Computer games offer a partial resolution to this dilemma. Even simple computer games are not trivial in terms of the cognitive abilities they test. In fact, these abilities are often the staples of cognitive science: perception, decision making, and motor responses. Computer-game playing is a real-world skill in which many people choose to become expert, devoting hundreds of hours of practice. Unlike most skills, computer games allow a potential record of every action in the history of that practice—allowing, for the first time, detailed investigation of the connection between features of practice and level of final performance. In the current investigation, we took detailed records of practice activity from an online game and related the amount of practice and features of practice to levels of eventual performance. Using the large data sample from this game, we confirmed and quantified established findings from experimental studies of learning at unprecedented levels of confidence. In addition, we confirmed a recent result based on the theoretical framework of reinforcement learning (Stafford et al., 2012). Use of online games to collect very large samples offers a new method for the investigation of skill acquisition, we argue, and the work reported here showcases just some of the possibilities opened up by this approach.

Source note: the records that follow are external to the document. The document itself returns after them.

Lemma sub_trmx_kermx r c p (A : 'M[K]_(r, c)) (Q : 'M_(r, p)) :
  (Q^T <= A^T)%MS = (kermx A *m Q == 0).
Proof.
set N := kermx A.
have sub_kerNT p' (B : 'M_(p', r)) : (B <= kermx N^T)%MS = (N *m B^T == 0).
  by rewrite sub_kermx -(inj_eq (@trmx_inj _ _ _)) trmx_mul trmxK trmx0.
have sAN : (A^T <= kermx N^T)%MS by rewrite sub_kerNT trmxK mulmx_ker.
have /eqmxP -> : (A^T == kermx N^T)%MS.
  rewrite -(mxrank_leqif_eq sAN) !mxrank_ker !mxrank_tr /N mxrank_ker.
  by rewrite (subKn (rank_leq_row A)).
by rewrite sub_kerNT trmxK.
Qed.

Lemma sub_cV_mul p n (c : 'cV[K]_p) (v : 'rV_n) : c != 0 -> (v <= c *m v)%MS.
Proof.
case/cV0Pn => i nz_ci.
have cv_i : row i (c *m v) = c i 0 *: v.
  rewrite row_mul -mul_scalar_mx; congr (_ *m _).
  by apply/rowP => j; rewrite !ord1 !mxE eqxx.
have {1}-> : v = (c i 0)^-1 *: row i (c *m v) by rewrite cv_i scalerA mulVf ?scale1r.
exact: scalemx_sub (row_sub _ _).
Qed.

Lemma row_echelon_lker r c (A : 'M[K]_(r, c)) (y : 'rV_r) j :
  row_echelon A -> y *m A = 0 -> row j A != 0 -> y 0 j = 0.
Proof.
move=> echA yA0 nz_Aj; apply/eqP/negPn/negP => nz_yj.
pose P i := (y 0 i != 0) && (row i A != 0).
have Pj : P j by rewrite /P nz_yj.
case: (arg_minnP val Pj) => {j Pj nz_yj nz_Aj} j /andP[nz_yj nz_Aj] min_j.
have /rV0Pn[k0] := nz_Aj; rewrite mxE => nz_Ajk0.
case: (@arg_minnP _ k0 (fun k => A j k != 0) val nz_Ajk0) => {k0 nz_Ajk0} k nz_Ajk min_k.
(* [j] is the first nonzero row of [A] with [y 0 j != 0] and [k] its pivot:
   only row [j] contributes to entry [k] of [y *m A]. *)
have := congr1 (fun B : 'rV_c => B 0 k) yA0; rewrite !mxE (bigD1 j) //= big1.
  by rewrite addr0 => /eqP; rewrite mulf_eq0 (negbTE nz_yj) (negbTE nz_Ajk).
move=> i ne_ij; have [Ai0 | nz_Ai] := eqVneq (row i A) 0.
  by have := congr1 (fun B : 'rV_c => B 0 k) Ai0; rewrite !mxE => ->; rewrite mulr0.
case: (ltngtP i j) => [lt_ij | lt_ji | /val_inj eq_ij].
- have : ~~ P i by apply/negP => /min_j; rewrite leqNgt lt_ij.
  by rewrite /P nz_Ai andbT negbK => /eqP ->; rewrite mul0r.
- have [k1 [nz_Ajk1 Ai0]] := echA j i lt_ji nz_Ai.
  by rewrite Ai0 ?mulr0 // min_k.
- by rewrite eq_ij eqxx in ne_ij.
Qed.

Lemma sub_rows_eq0P r c (Z : {set 'I_r}) (Q : 'M[K]_(r, c)) :
  reflect (forall j, j \in Z -> row j Q = 0) (sub_rows Z Q == 0).
Proof.
apply: (iffP eqP) => [Z0 j Zj | Z0].
  by have := congr1 (row (enum_rank_in Zj j)) Z0; rewrite row_rowsub enum_rankK_in // row0.
by apply/row_matrixP => k; rewrite row_rowsub row0 Z0 // enum_valP.
Qed.

Lemma row_echelon_col_subE r c p (A : 'M[K]_(r, c)) (Q : 'M_(r, p)) :
  row_echelon A -> (Q^T <= A^T)%MS = (sub_rows (zero_rows A) Q == 0).
Proof.
move=> echA; apply/idP/sub_rows_eq0P => [/submxP[W QW] j | Z0].
  rewrite inE => /eqP Aj0.
  by rewrite -[Q]trmxK QW trmx_mul trmxK row_mul Aj0 mul0mx.
rewrite sub_trmx_kermx; apply/eqP/row_matrixP => i.
rewrite row0 row_mul mulmx_sum_row big1 // => j _.
have [Aj0 | nz_Aj] := eqVneq (row j A) 0; first by rewrite Z0 ?scaler0 // inE Aj0.
by rewrite (row_echelon_lker echA _ nz_Aj) ?scale0r // -row_mul mulmx_ker row0.
Qed.

Lemma sub_rows_echelon_mulE r n c p (P : 'M[K]_r) (M : 'M_(r, n)) (N : 'M_(n, c))
    (U : 'M_(n, p)) :
  P \in unitmx -> row_echelon (P *m (M *m N)) ->
  (sub_rows (zero_rows (P *m (M *m N))) (P *m M) *m U == 0)
    = ((M *m U)^T <= (M *m N)^T)%MS.
Proof.
move=> unitP echPMN; rewrite /sub_rows mul_rowsub_mx -mulmxA -/(sub_rows _ _).
by rewrite -row_echelon_col_subE // !trmx_mul submxMfree // row_free_unit unitmx_tr.
Qed.

End RowSpaces.

Section BlockEmbedding.
Variables (R : pzRingType) (n : nat) (q_ : 'I_n -> nat).
Local Notation I := (1%:M : 'M[R]_(\sum_j q_ j)).

Lemma submxblock1 i : submxblock I i i = 1%:M.
Proof. by apply/matrixP => a c; rewrite !mxE -val_eqE tagnat.eq_Rank eqxx. Qed.

Lemma submxblock1_neq i j : i != j -> submxblock I i j = 0.
Proof.
by move=> ne_ij; apply/matrixP => a c; rewrite !mxE -val_eqE tagnat.eq_Rank (negbTE ne_ij).
Qed.

Lemma submxrow_mul_submxcol1 p i (A : 'M[R]_(p, q_ i)) j :
  submxrow (A *m submxcol I i) j = A *m submxblock I i j.
Proof. by rewrite submxblockEv mul_submxrow. Qed.

Lemma mul_tr_submxcol1 p (A : 'M[R]_(p, \sum_j q_ j)) i :
  A *m (submxcol I i)^T = submxrow A i.
Proof. by rewrite tr_submxcol trmx1 mul_submxrow mulmx1. Qed.

Lemma sum_submxrow_submxcol1 p (A : 'M[R]_(p, \sum_j q_ j)) :
  \sum_i submxrow A i *m submxcol I i = A.
Proof. by rewrite -mul_mxrow_mxcol submxrowK submxcolK mulmx1. Qed.

End BlockEmbedding.

Section Expansion.
Variables (F : finFieldType) (L : fieldExtType F) (m : nat) (b : m.-tuple L).
Hypothesis hb : basis_of fullv b.

Local Notation "A ^L" := (map_mx (in_alg L) A) (at level 2).

Lemma submxcol_ext a c (X : 'M[L]_(a, c)) r :
  submxcol (ext b X) r = \matrix_(l < m, j < c) coord b l (X r j).
Proof. exact: mxcolK. Qed.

Practice Amount and Spacing
We first consider two well-established results against which we validated our data set as a model of skill acquisition: the effects of practice amount and of practice spacing on performance. Studies of learning have shown a lawful relation between practice amount and performance. If performance is gauged in terms of some measure of efficiency (e.g., time taken to make cigars by experienced cigar manufacturers; Crossman, 1959), then it is possible to express the relation between practice extent and performance in a power law of learning (Newell & Rosenbloom, 1981; Ritter & Schooler, 2001). The exact nature of the mathematical law has been questioned (Heathcote, Brown, & Mewhort, 2000), but the fundamental observation remains that learning slows as it progresses, and the rate of performance increase displays a regularity that holds across very different domains (Rosenbaum, Carlson, & Gilmore, 2001). The power law of practice demonstrates that important regularities in learning exist across a wide range of domains and that such regularities can be uncovered by a suitably abstract level of analysis.
For practical reasons, studies of the effect of extensive practice have typically looked at different learners possessing differing amounts of practice rather than the same learners at different stages (i.e., such studies have usually had cross-sectional rather than longitudinal designs). Experimental studies of learning that have followed learners longitudinally have predominantly focused on lab-based tasks that can be mastered in one session or a small number of sessions (although there are, of course, notable exceptions, such as the work looking at the automatization of visual search performance; e.g., Czerwinski, Lightfoot, & Shiffrin, 1992; Neisser, Novick, & Lazar, 1963).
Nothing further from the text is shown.